Problem to solve - In the listing below, how many lines contain the string "apply"? Answer with the number only.

START Given data

Lemma sreach_empty (S : sgraph) : exists S', sreach S S' /\ #|gV (ug S')| = 0.
Proof.
have [n] := ubnP #|gV (ug S)|; elim: n S => // n IH S S_n.
case: (pickP (gV (ug S))) => [v _|S0]; last first.
  by exists S; split; [apply: SR_refl | apply: eq_card0].
have [S' [vS' S'0]] := IH (sdelv v) (leq_trans (card_sig_neq v) S_n).
by exists S'; split=> //; apply: SR_step (SS_delv v) vS'.
Qed.

Lemma siso_empty (S T : sgraph) : #|gV (ug S)| = 0 -> #|gV (ug T)| = 0 -> siso S T.
Proof.
move=> /card0_eq S0 /card0_eq T0.
have S_void (x : gV (ug S)) : False by have := S0 x; rewrite inE.
have T_void (y : gV (ug T)) : False by have := T0 y; rewrite inE.
exists (fun x => match S_void x with end), (fun e => match S_void (gsrc e) with end).
split; try by move=> e; case: (S_void (gsrc e)).
- by exists (fun y => match T_void y with end) => x; [case: (S_void x) | case: (T_void x)].
- exists (fun f => match T_void (gsrc f) with end) => e.
    by case: (S_void (gsrc e)).
  by case: (T_void (gsrc e)).
Qed.

Lemma POM_0 t : POM t 0.
Proof.
move=> G _ _; have [S [GS S0]] := sreach_empty (allneg G).
by exists S; split=> //; apply: siso_empty; rewrite //= card_ord.
Qed.

Lemma is_max_ex (P : nat -> Prop) n : P 0 -> (forall k, P k -> k <= n) -> exists m, is_max P m.
Proof.
elim: n => [|n IH] P0 P_le.
  by exists 0; split=> // k /P_le; rewrite leqn0 => /eqP ->.
case: (classic (P n.+1)) => [Pn1|notPn1]; first by exists n.+1.
apply: IH => // k Pk; rewrite -ltnS ltn_neqAle P_le // andbT.
by apply: contra_not_neq notPn1 => <-.
Qed.

Unset Implicit Arguments.
Theorem theorem3p2 (t : nat) : 0 < t ->
  exists m om_t om_2t : nat,
    [/\ is_max (PM t) m, is_max (PSM t) m,
        is_max (POM t) om_t, is_max (POM (2 * t)) om_2t &
        om_t <= m <= om_2t].
Proof.
move=> _.
have POM_bound s k : POM s k -> k <= s by move/PM_of_POM/PM_le.
have [m [t_m m_max]] := is_max_ex (PM_of_POM (@POM_0 t)) (@PM_le t).
have [o1 [t_o1 o1_max]] := is_max_ex (@POM_0 t) (POM_bound t).
have [o2 [t_o2 o2_max]] := is_max_ex (@POM_0 (2 * t)) (POM_bound (2 * t)).
exists m, o1, o2; split=> //.
- by split=> [|k /PM_of_PSM /m_max]; first exact: PSM_of_PM.
- by rewrite (m_max _ (PM_of_POM t_o1)) (o2_max _ (POM_double_of_PM t_m)).
Qed.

END Given data

Written answer - 5